Warning in storage.mode(x) <- "double": imaginary parts discarded in coercion

9.3 Magnitude and Phase

mag_ft_imgMat <- sqrt(Re(ft_imgMat)^2+Im(ft_imgMat)^2)
display(mag_ft_imgMat)

# Phase  <- atan(Im(img_ff)/Re(img_ff))
phase_ft_imgMat  <- atan2(Im(ft_imgMat), Re(ft_imgMat))
# display(phase_ft_imgMat)

# Display FT
EBImage::display(log(fftshift(ft_imgMat)), title="FT Magnitude (Cyrillic Alphabet)")

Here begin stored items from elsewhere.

Lemma braZ S (a : 'I_N -> A) T h :
  bra S (fun n => a n *: T n) h = (\prod_n a n ^+ h n) *: bra S T h.
Proof.
rewrite /bra scalemxAr -big_enum /=; congr (_ *m _).
elim: (enum 'I_N) => [|n l IHl] /=; first by rewrite big_nil scale1r.
by rewrite IHl gmxpowZ big_cons -scalemxAl -scalemxAr scalerA.
Qed.

Lemma bra_mxZ S (a : 'I_N -> A) T :
  bra_mx S (fun n => a n *: T n) =
  diag_mx (\row_i \prod_n a n ^+ (enum_val i : qidx N) n) *m bra_mx S T.
Proof.
by apply/matrixP=> i j; rewrite mul_diag_mx /bra_mx [LHS]mxE braZ !mxE.
Qed.

Lemma foldr_mulmx (I : Type) n (B : I -> 'M[A]_n) (l : seq I) (M : 'M[A]_n) :
  foldr (fun m X => B m *m X) M l = foldr (fun m X => B m *m X) 1%:M l *m M.
Proof. by elim: l => [|m l IHl] /=; rewrite ?mul1mx // IHl mulmxA. Qed.

Lemma foldr_scale (I : Type) n c (B : I -> 'M[A]_n) (l : seq I) :
  foldr (fun m X => (c *: B m) *m X) 1%:M l =
  c ^+ size l *: foldr (fun m X => B m *m X) 1%:M l.
Proof.
elim: l => [|m l IHl] /=; first by rewrite scale1r.
by rewrite IHl -scalemxAl -scalemxAr scalerA exprS.
Qed.

Lemma foldr_pencil (I : Type) n x (a : I -> A) (B : I -> 'M[A]_n) (l : seq I) :
  exists J, foldr (fun m X => (a m *: 1%:M + x *: B m) *m X) 1%:M l =
            (\prod_(m <- l) a m) *: 1%:M + x *: J.
Proof.
elim: l => [|m l [J IHl]] /=; first by exists 0; rewrite big_nil scale1r scaler0 addr0.
exists (a m *: J + (\prod_(m <- l) a m) *: B m + x *: (B m *m J)).
rewrite IHl big_cons mulmxDl !mulmxDr -!scalemxAl -!scalemxAr !mul1mx !mulmx1.
by rewrite !scalerA !scalerDr !scalerA [x * a m]mulrC [x * (\prod_(j <- l) a j)]mulrC !addrA.
Qed.

Lemma pencil_sandwich n x a1 a2 (J1 J2 P : 'M[A]_n) : exists Z,
  (a1 *: 1%:M + x *: J1) *m ((x *: P) *m (a2 *: 1%:M + x *: J2)) =
  x *: ((a1 * a2) *: P + x *: Z).
Proof.
exists (a1 *: (P *m J2) + a2 *: (J1 *m P) + x *: (J1 *m (P *m J2))).
rewrite !mulmxDl !mulmxDr -!scalemxAl -!scalemxAr !mul1mx !mulmx1 !scalerDr !scalerA.
by rewrite [a1 * (x * a2)]mulrCA [a1 * (x * x)]mulrC !addrA.
Qed.

(* At lam = xi n the n-th factor is R_{a,n}(0) = x e P_{a,n} and
   tr_a (K_a P_{a,n}) = K_n, while every other factor is a scalar up to O(x). *)
Lemma gtransfer_leading x e K xi n : exists J,
  gtransfer (x * e) K xi (xi n) =
  x *: ((\prod_(m | m != n) (xi n - xi m) * e) *: site_mx n K + x *: J).
Proof.
set f := fun m => xi n - xi m.
have drop_n l : n \notin l -> \prod_(m <- l | m != n) f m = \prod_(m <- l) f m.
  move=> nl; rewrite big_seq_cond [RHS]big_seq; apply: eq_bigl => m.
  by case: (boolP (m \in l)) => //= ml; apply: contraNneq nl => <-.
have -> : \prod_(m | m != n) f m = \prod_(m <- rev (enum 'I_N) | m != n) f m.
  by rewrite big_rev big_enum_cond.
have RE : (fun m (M : 'M_dimAQ) => gRmat (x * e) m (xi n - xi m) *m M) =
          (fun m M => (f m *: 1%:M + x *: (e *: Pmat m)) *m M).
  by apply: funext => m; apply: funext => M; rewrite gRmatE scalerA.
rewrite /gtransfer /gRprod RE.
have: uniq (rev (enum 'I_N)) by rewrite rev_uniq enum_uniq.
have: n \in rev (enum 'I_N) by rewrite mem_rev mem_enum.
move: (rev _) => l /splitPr[l1 l2].
rewrite cat_uniq /= => /and4P[_ /norP[nl1 _] nl2 _].
rewrite big_cat big_cons eqxx /= !drop_n // foldr_cat /= foldr_mulmx /f subrr scale0r add0r.
have [J1 ->] := foldr_pencil x f (fun m => e *: Pmat m) l1.
have [J2 ->] := foldr_pencil x f (fun m => e *: Pmat m) l2.
set a1 := \prod_(m <- l1) f m; set a2 := \prod_(m <- l2) f m; set P := e *: Pmat n.
have [Z ->] := pencil_sandwich x a1 a2 J1 J2 P.
exists (gptrace (gKaux K *m Z)).
rewrite -scalemxAr gptraceZ mulmxDr gptraceD -!scalemxAr !gptraceZ.
by rewrite gptrace_KauxP !scalerA.
Qed.

End GenericTransfer.

Section GenericTransferMorphism.
Variables (A B : comNzRingType) (f : {rmorphism A -> B}) (N : nat).

Lemma map_gmxT (T : finType) (F : T -> T -> A) :
  map_mx f (gmxT F) = gmxT (fun s t => f (F s t)).
Proof. by apply/matrixP=> i j; rewrite !mxE. Qed.

Lemma map_gtransfer eta K xi lam :
  map_mx f (gtransfer (N := N) eta K xi lam) =
  gtransfer (f eta) (map_mx f K) (f \o xi) (f lam).
Proof.
have map_gKaux : map_mx f (gKaux N K) = gKaux N (map_mx f K).
  by rewrite map_gmxT; apply: eq_gmxT => p q; rewrite rmorphM rmorph_nat mxE.
have map_gRprod : map_mx f (gRprod eta xi lam) = gRprod (f eta) (f \o xi) (f lam).
  rewrite /gRprod; elim: (rev _) => [|n l IHl] /=; first exact: map_mx1.
  rewrite map_mxM IHl map_gmxT; congr (_ *m _); apply: eq_gmxT => p q.
  by rewrite rmorphD !rmorphM !rmorph_nat rmorphB.
rewrite /gtransfer /gptrace map_gmxT; apply: eq_gmxT => s t; rewrite rmorph_sum.
by apply: eq_bigr => a _; rewrite -map_gKaux -map_gRprod -map_mxM [RHS]mxE.
Qed.

Lemma map_gmxpow n (M : 'M[A]_n) k : map_mx f (gmxpow M k) = gmxpow (map_mx f M) k.
Proof. by elim: k => [|k IHk] /=; rewrite ?map_mx1 // map_mxM IHk. Qed.

Lemma map_bra_mx S T :
  map_mx f (bra_mx (N := N) S T) = bra_mx (map_mx f S) (fun n => map_mx f (T n)).
Proof.
apply/row_matrixP=> i; rewrite -map_row !rowK /bra map_mxM; congr (_ *m _).
by elim: (enum _) => [|n l IHl] /=; rewrite ?map_mx1 // map_mxM IHl map_gmxpow.
Qed.

Lemma map_site_mx n K : map_mx f (site_mx n K) = site_mx (N := N) n (map_mx f K).
Proof.
rewrite map_gmxT; apply: eq_gmxT => s t; rewrite rmorph_prod; apply: eq_bigr => m _.
by case: eqP => _; rewrite !mxE ?rmorph_nat.
Qed.

End GenericTransferMorphism.

Section FieldTransfer.
Variables (C : fieldType) (N : nat).

Lemma gtransfer_homog eta K (c : 'I_N -> C) n u : u != 0 ->
  gtransfer eta K (fun m => c m / u) (c n / u) = u^-1 ^+ N *: gtransfer (u * eta) K c (c n).
Proof.
move=> u0; rewrite /gtransfer /gRprod -gptraceZ scalemxAr.
have RE : (fun m (M : 'M_#|{: aidx N}|) => gRmat eta m (c n / u - c m / u) *m M) =
          (fun m M => (u^-1 *: gRmat (u * eta) m (c n - c m)) *m M).
  apply: funext => m; apply: funext => M.
  by rewrite -mulrBl !gRmatE scalerDr !scalerA mulKf // mulrC.
by rewrite RE foldr_scale size_rev size_enum_ord.
Qed.

Lemma tensor_mxV (F : 'I_N -> 'M[C]_3) : (forall m, F m \in unitmx) ->
  tensor_mx F *m tensor_mx (fun m => invmx (F m)) = 1%:M.
Proof.
by move=> Fu; rewrite tensor_mxM -tensor_mx1; congr tensor_mx; apply: funext => m; rewrite mulmxV.
Qed.

Lemma tensor_mx_unit (F : 'I_N -> 'M[C]_3) : (forall m, F m \in unitmx) ->
  tensor_mx F \in unitmx.
Proof. by move/tensor_mxV/mulmx1_unit => []. Qed.

Lemma invmx_tensor_mx (F : 'I_N -> 'M[C]_3) : (forall m, F m \in unitmx) ->
  invmx (tensor_mx F) = tensor_mx (fun m => invmx (F m)).
Proof.
move=> Fu; have FV := tensor_mxV Fu.
by rewrite -[invmx _]mulmx1 -FV mulmxA mulVmx ?mul1mx // tensor_mx_unit.
Qed.

Lemma gmxpow_conj (W X : 'M[C]_3) k : W \in unitmx ->
  gmxpow (W *m X *m invmx W) k = W *m gmxpow X k *m invmx W.
Proof.
move=> Wu; elim: k => [|k IHk] /=; first by rewrite mulmx1 mulmxV.
by rewrite IHk !mulmxA -[_ *m invmx W *m W]mulmxA mulVmx // mulmx1.
Qed.

Definition krylov_mx (w : 'rV[C]_3) (J : 'M[C]_3) : 'M[C]_3 :=
  \matrix_(k < 3) (w *m gmxpow J k).

Lemma bra_mx_site_conj (w : 'rV[C]_3) (W J : 'M[C]_3) : W \in unitmx ->
  bra_mx (tensor_row (fun _ => w) *m invmx (tensor_mx (fun _ : 'I_N => W)))
         (fun n => site_mx n (W *m J *m invmx W)) =
  tensor_mx (fun _ => krylov_mx w J) *m tensor_mx (fun _ => invmx W).
Proof.
move=> Wu.
apply/row_matrixP => i; rewrite rowK bra_site_mx row_mul -{2}(enum_valK i).
rewrite -tensor_row_row (invmx_tensor_mx (fun=> Wu)) -mulmxA !tensor_mxM !tensor_rowM.
congr tensor_row; apply: funext => m.
by rewrite gmxpow_conj // !mulmxA mulmxKV // rowK.
Qed.

Lemma bra_mx_site_unit (w : 'rV[C]_3) (W J : 'M[C]_3) :
  W \in unitmx -> krylov_mx w J \in unitmx ->
  bra_mx (tensor_row (fun _ => w) *m invmx (tensor_mx (fun _ : 'I_N => W)))
         (fun n => site_mx n (W *m J *m invmx W)) \in unitmx.
Proof.
move=> W_unit V_unit; rewrite bra_mx_site_conj // unitmx_mul !tensor_mx_unit //.
by move=> _; rewrite unitmx_inv.
Qed.

End FieldTransfer.

Lemma det_mx33 (R : comPzRingType) (M : 'M[R]_3) :
  \det M = M 0 0 * (M 1 1 * M 2 2 - M 1 2 * M 2 1)
         - M 0 1 * (M 1 0 * M 2 2 - M 1 2 * M 2 0)
         + M 0 2 * (M 1 0 * M 2 1 - M 1 1 * M 2 0).
Proof.
pose f i j := M (inord i) (inord j).
have -> : \det M = \det (\matrix_(i < 3, j < 3) f i j).
  by congr (\det _); apply/matrixP => i j; rewrite mxE /f !inord_val.
rewrite (expand_det_row _ 0) !big_ord_recl big_ord0 /cofactor.
rewrite !(expand_det_row _ 0) !big_ord_recl !big_ord0 /cofactor !det_mx11 !mxE /= /bump /=.
have i0 : inord 0 = 0 :> 'I_3 by apply: val_inj; rewrite /= inordK.
have i1 : inord 1 = 1 :> 'I_3 by apply: val_inj; rewrite /= inordK.
have i2 : inord 2 = 2 :> 'I_3 by apply: val_inj; rewrite /= inordK.
rewrite /f !add0n !addn0 i0 i1 i2; ring.
Qed.

Section JordanKrylov.
Variable C : fieldType.

Definition covec3 (x y z : C) : 'rV[C]_3 :=
  \row_(k < 3) if k == 0%N :> nat then x else if k == 1%N :> nat then y else z.

Lemma prod_covecE N x y z : prod_covec N x y z = tensor_row (fun _ => covec3 x y z).
Proof. by apply/rowP => j; rewrite !mxE; apply: eq_bigr => m _; rewrite mxE. Qed.

Lemma krylov_KJ_unit (x y z k0 k1 k2 y1 y2 : C) :
  (jcase1 k0 k1 k2 y1 y2 -> x * y * z != 0) ->
  (jcase2 k0 k1 k2 y1 y2 -> x * z != 0) ->
  (jcase3 k0 k1 k2 y1 y2 -> x != 0) ->
  jcase1 k0 k1 k2 y1 y2 \/ jcase2 k0 k1 k2 y1 y2 \/ jcase3 k0 k1 k2 y1 y2 ->
  krylov_mx (covec3 x y z) (KJ k0 k1 k2 y1 y2) \in unitmx.
Proof.
move=> h1 h2 h3 hc; rewrite unitmxE unitfE det_mx33 !mxE /= !mul1mx.
rewrite !big_ord_recr !big_ord0 /= !mxE /= !big_ord_recr !big_ord0 /= !mxE /=.
case: hc => [hc|[hc|hc]].
- have := h1 hc; case: hc => n01 n02 n12 -> -> xyz_neq0.
  rewrite [X in X != 0](_ : _ = x * y * z * ((k1 - k0) * (k2 - k0) * (k2 - k1))); last by ring.
  rewrite !mulf_eq0 !negb_or in xyz_neq0; case/andP: xyz_neq0 => /andP[x0 y0] z0.
  by rewrite !mulf_neq0 //; rewrite subr_eq0 eq_sym.
- have := h2 hc; case: hc => -> n12 -> -> xz_neq0.
  rewrite [X in X != 0](_ : _ = x * z * x * ((k2 - k1) * (k2 - k1))); last by ring.
  rewrite mulf_eq0 negb_or in xz_neq0; case/andP: xz_neq0 => x0 z0.
  by rewrite !mulf_neq0 //; rewrite subr_eq0 eq_sym.
- have := h3 hc; case: hc => -> -> -> -> x_neq0.
  rewrite [X in X != 0](_ : _ = x * x * x); last by ring.
  by rewrite !mulf_neq0.
Qed.
Lemma GammaWE N (W : 'M[C]_3) : GammaW N W = tensor_mx (fun _ => W).
Proof. by []. Qed.

End JordanKrylov.

Section Genericity.
Variables (C : numFieldType) (N : nat).

Lemma poly_exists_nonroot_neq0 (p : {poly C}) : p != 0 ->
  exists2 u : C, u != 0 & ~~ root p u.
Proof.
move=> p_neq0; set s := [seq k.+1%:R : C | k <- iota 0 (size p)].
have [/allP s_roots|/allPn[u /mapP[k _ ->] nroot]] := boolP (all (root p) s); last first.
  by exists k.+1%:R; rewrite ?pnatr_eq0.
have := max_poly_roots p_neq0 (introT allP s_roots).
rewrite map_inj_uniq ?iota_uniq; last by move=> a b /eqP; rewrite eqr_nat => /eqP [].
by rewrite size_map size_iota ltnn => /(_ isT).
Qed.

Warning in storage.mode(x) <- "double": imaginary parts discarded in coercion

9.4 IFT Reconstruction

# IFT Reconstruction: Magnitude=mag_ft_imgMat   AND  Phase=phase_ft_imgMat
Real = mag_ft_imgMat * cos(phase_ft_imgMat)
Imaginary = mag_ft_imgMat * sin(phase_ft_imgMat)
ift_ft_imgMat = Re(fft(Real+1i*Imaginary, inverse = T)/length(mag_ft_imgMat))
EBImage::display(ift_ft_imgMat, method = "raster", title="(IFT o FT) Magnitude=Img | Phase=Img")

9.5 Low-pass frequency filtering

Remove Fourier coefficients indexed above \(k_{x,max/2}\) and \(k_{y,max/2}\).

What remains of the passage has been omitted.